Welcome to Regression Alert, your weekly guide to using regression to predict the future with uncanny accuracy.
For those who are new to the feature, here's the deal: every week, I dive into the topic of regression to the mean. Sometimes I'll explain what it really is, why you hear so much about it, and how you can harness its power for yourself. Sometimes I'll give some practical examples of regression at work.
In weeks where I'm giving practical examples, I will select a metric to focus on. I'll rank all players in the league according to that metric and separate the top players into Group A and the bottom players into Group B. I will verify that the players in Group A have outscored the players in Group B to that point in the season. And then I will predict that, by the magic of regression, Group B will outscore Group A going forward.
Crucially, I don't get to pick my samples (other than choosing which metric to focus on).
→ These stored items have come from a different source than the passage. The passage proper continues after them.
Let E := [set k | e 0 k != 0].
Let s := H *m (c + e)^T.
Let unsat j := [set i | (H i j == 1) && (s i 0 == 1)].
Let meet j k := [set i | (H i j == 1) && (H i k == 1)].

Lemma syndromeE i : s i 0 = \sum_(k in E) H i k.
Proof.
have Hc : H *m c^T = 0.
  by have /eqP/(congr1 trmx) := c_in_code; rewrite trmx_mul trmxK trmx0.
rewrite /s linearD /= mulmxDr Hc add0r mxE (bigID (mem E)) /= addrC big1 ?add0r.
  by apply: eq_bigr => k; rewrite inE F2_neq0 mxE => /eqP ->; rewrite mulr1.
by move=> k; rewrite inE negbK mxE => /eqP ->; rewrite mulr0.
Qed.

Lemma unsat_sub_meet j : unsat j \subset \bigcup_(k in E) meet j k.
Proof.
apply/subsetP => i; rewrite inE syndromeE => /andP [Hij s1].
have [k /andP [kE Hik] | none] := pickP (fun k => (k \in E) && (H i k == 1)).
  by apply/bigcupP; exists k; rewrite // inE Hij.
move: s1; rewrite big1 ?(eq_sym 0) ?oner_eq0 // => k kE.
by apply/eqP/negPn; rewrite F2_neq0; move: (none k); rewrite kE => /negbT.
Qed.

Lemma col_sub_unsat j : j \in E ->
  [set i | H i j == 1] :\: \bigcup_(k in E :\ j) meet j k \subset unsat j.
Proof.
move=> jE; apply/subsetP => i; rewrite !inE => /andP [nU Hij]; rewrite Hij /=.
rewrite syndromeE (bigD1 j) //= big1 ?addr0 // => k /andP [kE kj].
apply/eqP/negPn; rewrite F2_neq0; apply: contra nU => Hik.
by apply/bigcupP; exists k; [rewrite in_setD1 kj | rewrite inE Hij].
Qed.

Lemma card_meet_union j (A : {set 'I_n}) : j \notin A ->
  (#|\bigcup_(k in A) meet j k| <= max_col_inter H * #|A|)%N.
Proof.
move=> jA; apply: leq_trans (card_bigcup_leq _ _) _.
rewrite mulnC -sum_nat_const; apply: leq_sum => k kA.
by apply: col_inter_le_max; apply: contraNneq jA => ->.
Qed.

Variables (v lam : nat).
Hypotheses (col_wt_ge : forall j, (v <= col_wt H j)%N)
  (max_col_inter_le : (max_col_inter H <= lam)%N) (wt_e_le : (wt e <= v %/ (2 * lam))%N).

Let wt_e_bound : (2 * lam * #|E| <= v)%N.
Proof.
case: (posnP lam) => [-> // | lam_gt0].
by rewrite mulnC -leq_divRL ?muln_gt0.
Qed.

Lemma card_unsat_err j : j \in E -> (v < 2 * #|unsat j|)%N.
Proof.
move=> jE; have lam_gt0 : (0 < lam)%N.
  case: (posnP lam) wt_e_le => // ->; rewrite divn0 leqn0 => /eqP /cards0_eq E0.
  by move: jE; rewrite /E E0 inE.
have cover : (col_wt H j <= #|\bigcup_(k in E :\ j) meet j k| + #|unsat j|)%N.
  rewrite /col_wt -(cardsID (\bigcup_(k in E :\ j) meet j k)).
  by apply: leq_add; apply: subset_leq_card; [exact: subsetIr | exact: col_sub_unsat].
have U : (#|\bigcup_(k in E :\ j) meet j k| <= lam * #|E :\ j|)%N.
  apply: leq_trans (card_meet_union _) _; first by rewrite setD11.
  by rewrite leq_mul2r max_col_inter_le orbT.
have := cardsD1 j E; rewrite jE => cE.
have := wt_e_bound; have := col_wt_ge j; nia.
Qed.

Lemma card_unsat_noerr j : j \notin E -> (2 * #|unsat j| <= v)%N.
Proof.
move=> jE; have uE : (#|unsat j| <= lam * #|E|)%N.
  apply: leq_trans (subset_leq_card (unsat_sub_meet j)) _.
  apply: leq_trans (card_meet_union jE) _.
  by rewrite leq_mul2r max_col_inter_le orbT.
have := wt_e_bound; lia.
Qed.

Lemma bitflip_correct : bitflip H v (c + e) = c.
Proof.
apply/rowP => j; rewrite !mxE -/s -/(unsat j).
have [jE | jE] := boolP (j \in E).
  have two0 : (1 + 1 : 'F_2) = 0 by apply: val_inj.
  move: jE (card_unsat_err jE); rewrite inE F2_neq0 => /eqP -> ->.
  by rewrite -addrA two0 addr0.
move: jE (card_unsat_noerr jE); rewrite inE negbK leqNgt => /eqP -> /negbTE ->.
by rewrite !addr0.
Qed.

End BitFlipping.

Lemma line_pts_inj (F : finFieldType) : injective (@line_pts F).
Proof.
move=> l l' E; apply/eqP/negPn/negP => /card_line_line; rewrite E setIid.
by have := card_line_pts l'; have : (1 < #|F|)%N := card_finNzRing_gt1 F; lia.
Qed.

Lemma card_enum_val_preim (T : finType) (A : {set T}) :
  #|[set i : 'I_#|T| | enum_val i \in A]| = #|A|.
Proof.
rewrite -(card_imset _ enum_val_inj).
suff -> : enum_val @: [set i : 'I_#|T| | enum_val i \in A] = A by [].
apply/setP => x; apply/imsetP/idP => [[i] | xA]; first by rewrite inE => iA ->.
by exists (enum_rank x); rewrite ?inE enum_rankK.
Qed.

Section ParityCheckMatrix.
Variables (F : finFieldType) (t : nat) (Gam : 'I_t -> {set {set Point F}}).
Hypotheses (bundle : forall i, projective_bundle (Gam i))
  (disjoint_bundles : forall i j, i != j -> [disjoint Gam i & Gam j]).

Lemma bundle_conic i C : C \in Gam i -> exists2 a, abs_irreducible a & C = zero_set a.
Proof. by have [conic _ _] := bundle i => /conic [a []]; exists a. Qed.

Lemma mem_Hcols S : S \in Hcols Gam ->
  (exists l, S = line_pts l) \/ (exists i, S \in Gam i).
Proof.
rewrite mem_cat => /orP [/mapP [l _ ->] | /flattenP [_ /mapP [i _ ->]]].
  by left; exists l.
by rewrite mem_enum; right; exists i.
Qed.

Lemma card_Hcol S : S \in Hcols Gam -> (#|F|.+1 <= #|S|)%N.
Proof.
case/mem_Hcols => [[l ->] | [i Si]]; first exact: card_line_pts.
have [a abs E] := bundle_conic Si; have [_ card_bundle meet1] := bundle i.
have [D DG SD] : exists2 D, D \in Gam i & S != D.
  have : (1 < #|Gam i|)%N.
    by rewrite card_bundle; have : (1 < #|F|)%N := card_finNzRing_gt1 F; lia.
  case/card_gt1P => [D1 [D2 [D1G D2G D12]]].
  by have [->|] := eqVneq S D1; [exists D2 | exists D1].
have /card_gt0P [p] : (0 < #|S :&: D|)%N by rewrite meet1.
by rewrite E in_setI => /andP [pS _]; exact: card_zero_set abs pS.
Qed.

Lemma card_Hcol_meet S S' : S \in Hcols Gam -> S' \in Hcols Gam -> S != S' ->
  (#|S :&: S'| <= 4)%N.
Proof.
case/mem_Hcols => [[l ->] | [i Si]]; case/mem_Hcols => [[l' ->] | [i' Si']] ne.
- have nl : l != l' by apply: contraNneq ne => ->.
  exact: leq_trans (card_line_line nl) _.
- have [a abs ->] := bundle_conic Si'; exact: leq_trans (card_line_conic l abs) _.
- have [a abs ->] := bundle_conic Si; rewrite setIC.
  exact: leq_trans (card_line_conic l' abs) _.
- have [a abs Ea] := bundle_conic Si; have [a' abs' Ea'] := bundle_conic Si'.
  by rewrite Ea Ea'; apply: card_conic_conic; rewrite -?Ea -?Ea'.
Qed.

Lemma uniq_Hcols : uniq (Hcols Gam).
Proof.
have conic_not_line C i l : C \in Gam i -> C != line_pts l.
  move/bundle_conic => [a abs ->]; apply/eqP => E.
  have := card_line_conic l abs; rewrite E setIid.
  by have := card_line_pts l; have : (1 < #|F|)%N := card_finNzRing_gt1 F; lia.
rewrite cat_uniq (map_inj_uniq (@line_pts_inj F)) enum_uniq /=; apply/andP; split.
  apply/hasPn => C /flattenP [_ /mapP [i _ ->]]; rewrite mem_enum => Ci.
  by apply/mapP => [[l _ /eqP]]; apply/negP; exact: conic_not_line Ci.
elim: (enum 'I_t) (enum_uniq 'I_t) => //= i r IH /andP [ir ur].
rewrite cat_uniq enum_uniq IH // andbT; apply/hasPn => C /flattenP [_ /mapP [j jr ->]].
have ji : j != i by apply: contraNneq ir => <-.
by rewrite !mem_enum => Cj; rewrite (disjointFr (disjoint_bundles ji) Cj).
Qed.

Let Hcol j := nth set0 (Hcols Gam) j.

Lemma col_wt_Hmx j : col_wt (Hmx Gam) j = #|Hcol j|.
Proof.
by rewrite -card_enum_val_preim; apply: eq_card => i; rewrite !inE mxE; case: (_ \in _).
Qed.

Lemma col_inter_Hmx j k : col_inter (Hmx Gam) j k = #|Hcol j :&: Hcol k|.
Proof.
by rewrite -card_enum_val_preim; apply: eq_card => i; rewrite !inE !mxE;
  case: (_ \in Hcol j); case: (_ \in Hcol k).
Qed.

Lemma max_col_inter_Hmx : (max_col_inter (Hmx Gam) <= 4)%N.
Proof.
apply/bigmax_leqP => j _; apply/bigmax_leqP => k kj; rewrite col_inter_Hmx.
by apply: card_Hcol_meet; rewrite ?mem_nth // /Hcol nth_uniq ?uniq_Hcols // eq_sym.
Qed.

Lemma col_wt_Hmx_ge j : (#|F| + 1 <= col_wt (Hmx Gam) j)%N.
Proof. by rewrite col_wt_Hmx addn1 card_Hcol ?mem_nth. Qed.

End ParityCheckMatrix.

Theorem proposition5p3 (F : finFieldType) (t : nat)
  (Gam : 'I_t -> {set {set Point F}}) :
  (1 < t)%N ->
  (forall i, projective_bundle (Gam i)) ->
  (forall i j, i != j -> [disjoint Gam i & Gam j]) ->
  (max_col_inter (Hmx Gam) <= 4)%N /\
  (forall (c e : 'rV['F_2]_(size (Hcols Gam))),
     in_code (Hmx Gam) c ->
     (wt e <= (#|F| + 1) %/ 8)%N ->
     bitflip (Hmx Gam) (#|F| + 1) (c + e) = c).
Proof.
move=> _ bundle disj; have max4 := max_col_inter_Hmx bundle disj.
split=> // c e c_code wt_e.
by apply: (bitflip_correct c_code (col_wt_Hmx_ge bundle) max4).
Qed.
If I'm looking at receivers and Cooper Kupp is one of the top performers in my sample, then Cooper Kupp goes into Group A and may the fantasy gods show mercy on my predictions.
Most importantly, because predictions mean nothing without accountability, I track the results of my predictions over the course of the season and highlight when they prove correct and also when they prove incorrect. At the end of last season, I provided a recap of the first half-decade of Regression Alert's predictions. The executive summary is we have a 32-7 lifetime record, which is an 82% success rate.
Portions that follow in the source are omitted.